On 4/7/2010 9:26 PM, bbarani wrote:
Hi,
I am currently using DIH to index the data from a database. I am just trying
to figure out if there are any other open source tools which I can use just
for indexing purpose and use SOLR for querying.
I also thought of writing a custom code for retrieving the data from
database and use SOLRJ to add the data as documents in to lucene. One doubt
here is that if I use the custom code for retrieving the data and use SOLRJ
to commit that data, will the schema file be still used? I mean the field
types / analyzers / tokenizers etc.. present in schema file? or do I need to
manipulate each data (to fit to corresponding data type) in my SOLRJ
program?
This response is more of an answer to your earlier message where you
asked about batch importing than this exact question, but this is where
the discussion is, so I'm answering here. You could continue to use DIH
and specify the batches externally. I just actually wrote most of this
in reply to another email just a few minutes ago.
You can pass variables into the DIH to specify the range of documents
that you want to work on, and handle the batching externally. Start
with a full-import or a delete/optimize to clear out the index and then
do multiple delta-imports.
Here's what I'm using as the queries in my latest iteration. The
deltaImportQuery is identical to the regular query used for
full-import. The deltaQuery is just something related that returns
quickly, the information is thrown away when it does a delta-import.

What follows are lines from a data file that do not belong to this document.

(* Let $G,\Omega\in\{\mathbb{D},\mathbb{H}\}$, where $\mathbb{D}=\{z\in\mathbb{C}:|z|<1\}$ and $\mathbb{H}=\{z\in\mathbb{C}:\operatorname{Im}z>0\}$, let $f:G\to\Omega$ be a Möbius transformation of $G$ onto $\Omega$, and let $1\le p\le\infty$. Then $f:(G,b_{G,p})\to(\Omega,b_{\Omega,p})$ is $L$-Lipschitz, i.e. $b_{\Omega,p}(f(z_1),f(z_2))\le L\,b_{G,p}(z_1,z_2)$ for all $z_1,z_2\in G$, with $L=2^{2-1/p}$ if $G=\mathbb{D}$ and $L=2^{1-1/p}$ if $G=\mathbb{H}$ (with $1/p=0$ when $p=\infty$).
   Context: For a domain $G\subsetneq\mathbb{C}$, $z_1,z_2\in G$ and $1\le p<\infty$, $b_{G,p}(z_1,z_2)=\sup_{z\in\partial G}\frac{|z_1-z_2|}{\sqrt[p]{|z_1-z|^p+|z-z_2|^p}}$, and $b_{G,\infty}(z_1,z_2)=\sup_{z\in\partial G}\frac{|z_1-z_2|}{\max\{|z_1-z|,|z_2-z|\}}$. *)

From mathcomp Require Import all_boot all_order all_algebra.
From mathcomp Require Import all_classical all_reals all_analysis.
From mathcomp Require Export complex.
Set Implicit Arguments. Unset Strict Implicit. Unset Printing Implicit Defensive.
Import Order.TTheory GRing.Theory Num.Theory.
Local Open Scope ring_scope.
Local Open Scope classical_set_scope.

Section Defs.
Variable R : realType.
Local Notation C := R[i].

Definition cabs (z : C) : R := Normc.normc z.

Definition cboundary (A : set C) : set C :=
  [set z | forall e : R, 0 < e ->
     (exists a, A a /\ cabs (z - a) < e) /\
     (exists b, ~ A b /\ cabs (z - b) < e)].

Definition unit_disk : set C := [set z | cabs z < 1].
Definition upper_half_plane : set C := [set z | 0 < Im z].

(* p in [1, +oo] is encoded as an extended real; the quotient
   |z1 - z2| / ||(|z1 - z|, |z - z2|)||_p for a boundary point z *)
Definition bquot (p : \bar R) (z1 z2 z : C) : R :=
  match p with
  | (r%:E)%E => cabs (z1 - z2) /
      powR (powR (cabs (z1 - z)) r + powR (cabs (z - z2)) r) r^-1
  | _ => cabs (z1 - z2) / Num.max (cabs (z1 - z)) (cabs (z2 - z))
  end.

Definition bGp (G : set C) (p : \bar R) (z1 z2 : C) : R :=
  sup [set bquot p z1 z2 z | z in cboundary G].

Definition inv_ext (p : \bar R) : R :=
  match p with (r%:E)%E => r^-1 | _ => 0 end.

Definition mobius_onto (G Om : set C) (f : C -> C) : Prop :=
  (exists a b c d : C, a * d - b * c != 0 /\
     forall z, G z -> c * z + d != 0 /\ f z = (a * z + b) / (c * z + d)) /\
  set_bij G Om f.

End Defs.

(* Both b_{G,p} and the Mobius-invariant quantity th(rho_G/2) are controlled by the
   sums |z1 - w| + |w - z2| over boundary points w.  The triangle inequality bounds
   every such sum from below by the denominator of th(rho_G/2), and one boundary point
   (the radial projection of z1 + z2 for the disk, the point where the segment
   [z1, conj z2] crosses the real axis for the half-plane) brings the sum down to at
   most 2, resp. 1, times that denominator.  Since the l^p norm of a pair (a, b) lies
   between 2^(1/p - 1) (a + b) and a + b, this gives
     th(rho_G/2) / c_G <= b_{G,p} <= 2^(1 - 1/p) th(rho_G/2),  c_D = 2, c_H = 1.
   A Mobius map f = (az+b)/(cz+d) of G onto Omega preserves th(rho/2): |cz+d|^2 times
   the defining function of Omega at f(z) is a real function A|z|^2 + B Re z + C Im z + D
   that is positive exactly on G, hence a positive multiple of the defining function
   of G, and its discriminant fixes the multiple. *)

From mathcomp Require Import all_boot all_order all_algebra.
From mathcomp Require Import all_classical all_reals all_analysis.
From mathcomp Require Import complex ring lra.
Import Order.TTheory GRing.Theory Num.Theory.
Lemma point_norm_le_scale : q ^ (2 * m) <= q.
Proof. rewrite <- (pow_1 q) at 2. apply Rle_pow_le1; lra || lia. Qed.

Lemma point_norm_pos : 0 < q ^ (2 * m).
Proof. apply pow_lt. lra. Qed.

Lemma point_Cmod_le j : (j < n)%nat -> Cmod (z j) <= q ^ (2 * m).
Proof. rewrite <- Hz. apply Cmod_le_cnorm. Qed.

Lemma point_Re_last : Re (z (n - 1)%nat) < - k * q ^ (2 * m).
Proof. unfold Lambda in HzL. rewrite Hz in HzL. lra. Qed.

Lemma ball_subset_Omega u : (forall j, (j < n)%nat -> Cmod (u j - z j) <= k * q ^ (2 * m) / 4) ->
  Omega_m n m R0 A B u.
Proof.
  intro Hu. pose proof point_norm_pos. pose proof point_norm_le_scale.
  assert (Huj : forall j, (j < n)%nat -> Cmod (u j) <= q ^ (2 * m) + k * q ^ (2 * m) / 4).
  { intros j Hj. replace (u j) with (z j + (u j - z j))%C by ring.
    eapply Rle_trans; [apply Cmod_triangle|].
    pose proof (point_Cmod_le j Hj). pose proof (Hu j Hj). lra. }
  apply (mem_Omega u (q ^ (2 * m)) (k * q ^ (2 * m) / 4) q Hq).
  - intros j Hj. apply Huj. lia.
  - replace (u (n - 1)%nat) with (z (n - 1)%nat + (u (n - 1)%nat - z (n - 1)%nat))%C by ring.
    eapply Rle_trans; [apply Re_add_le_Cmod|].
    pose proof (Hu (n - 1)%nat ltac:(lia)). pose proof point_Re_last. lra.
  - nra.
  - pose proof (Huj 0%nat ltac:(lia)). nra.
  - apply (majorant_neg_near _ _ _ q); try lra.
    + nra.
    + split; [apply Cmod_ge_0 | pose proof (Huj 0%nat ltac:(lia)); nra].
Qed.
(* Contact of order 2 of the Kepler conic K(a,b,c) with the curve means that
   the plane a x + b y + s z = 1, with s = +-c, osculates the lifted curve. *)
Lemma kepler_contact_osculating_plane a b c :
  0 < c -> (forall j, (j <= 2)%nat -> kepler_jet a b c x0 y0 x1 y1 x2 y2 x3 y3 j = 0) ->
  exists s, c^2 = s^2 /\ a*x0+b*y0+s*r0 = 1 /\ a*x1+b*y1+s*r1 = 0 /\ a*x2+b*y2+s*r2 = 0.
Proof.
  intros Hc K.
  pose proof (K 0%nat ltac:(lia)) as K0. pose proof (K 1%nat ltac:(lia)) as K1.
  pose proof (K 2%nat ltac:(lia)) as K2. cbn [kepler_jet] in K0, K1, K2.
  set (s := (1 - a*x0 - b*y0)/r0).
  assert (HL : 1 - a*x0 - b*y0 = s*r0) by (unfold s; field; lra).
  rewrite HL in K0, K1, K2. rewrite <- cone0 in K0. rewrite <- cone1 in K1.
  assert (HS : x1^2+y1^2+x0*x2+y0*y2 = r0*r2 + r1^2) by lra.
  rewrite HS in K2.
  assert (Hcs : c^2 = s^2).
  { assert (E0 : (c^2 - s^2)*(r0^2) = 0) by (rewrite <- K0; ring).
    apply Rmult_integral in E0. destruct E0 as [E0|E0]; [lra|nra]. }
  assert (Hsr : s*r0 <> 0) by (intro Z; apply Rmult_integral in Z; nra).
  rewrite Hcs in K1, K2.
  assert (P1 : a*x1+b*y1+s*r1 = 0).
  { assert (E1 : (2*(s*r0))*(a*x1+b*y1+s*r1) = 0) by (rewrite <- K1; ring).
    apply Rmult_integral in E1. destruct E1 as [E1|E1]; [lra|exact E1]. }
  exists s. split; [exact Hcs|]. split; [lra|]. split; [exact P1|].
  assert (HA1 : a*x1+b*y1 = -(s*r1)) by lra. rewrite HA1 in K2.
  assert (E2 : (2*(s*r0))*(a*x2+b*y2+s*r2) = 0) by (rewrite <- K2; ring).
  apply Rmult_integral in E2. destruct E2 as [E2|E2]; [lra|exact E2].
Qed.

Lemma osculating_plane_kepler_contact a b s c :
  c^2 = s^2 ->
  a*x0+b*y0+s*r0 = 1 -> a*x1+b*y1+s*r1 = 0 -> a*x2+b*y2+s*r2 = 0 -> a*x3+b*y3+s*r3 = 0 ->
  forall j, (j <= 3)%nat -> kepler_jet a b c x0 y0 x1 y1 x2 y2 x3 y3 j = 0.
Proof.
  intros Hc P0 P1 P2 P3 j Hj.
  assert (HL : 1 - a*x0 - b*y0 = s*r0) by lra.
  assert (A1 : a*x1+b*y1 = -(s*r1)) by lra.
  assert (A2 : a*x2+b*y2 = -(s*r2)) by lra.
  assert (A3 : a*x3+b*y3 = -(s*r3)) by lra.
  assert (S2 : x1^2+y1^2+x0*x2+y0*y2 = r0*r2 + r1^2) by lra.
  assert (S3 : 3*x1*x2 + 3*y1*y2 + x0*x3 + y0*y3 = r0*r3 + 3*r1*r2) by lra.
  destruct j as [|[|[|[|j]]]]; [| | | |lia]; cbn [kepler_jet];
    rewrite ?HL, ?A1, ?A2, ?A3, ?S2, ?S3, Hc, <- ?cone0, <- ?cone1; ring.
Qed.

query="SELECT * FROM ${dataimporter.request.dataTable} WHERE did >
${dataimporter.request.minDid} AND did <=
${dataimporter.request.maxDid} AND (did %
${dataimporter.request.numShards}) IN (${dataimporter.request.modVal})"
deltaQuery="SELECT MAX(did) FROM ${dataimporter.request.dataTable}"
deltaImportQuery="SELECT * FROM ${dataimporter.request.dataTable} WHERE
did > ${dataimporter.request.minDid} AND did <=
${dataimporter.request.maxDid} AND (did %
${dataimporter.request.numShards}) IN (${dataimporter.request.modVal})">
Then here is my URL template:
http://HOST:PORT/solr/CORE/dataimport?command=COMMAND&dataTable=DATATABLE&numShards=NUMSHARDS&modVal=MODVAL&minDid=MINDID&maxDid=MAXDID
And the perl data structure that holds the replacements for the
uppercase parts:
$urlBits = {
HOST => $cfg{'shards/inc.host1'},
PORT => $cfg{'shards/inc.port'},
MODVAL => $cfg{'shards/inc.modVal'},
CORE => "live",
COMMAND => "delta-import&commit=true&optimize=false",
DATATABLE => $cfg{dataTable},
NUMSHARDS => $cfg{numShards},
MINDID => $cfg{maxDid},
MAXDID => $dbMaxDid,
};
Good luck with your setup!
Shawn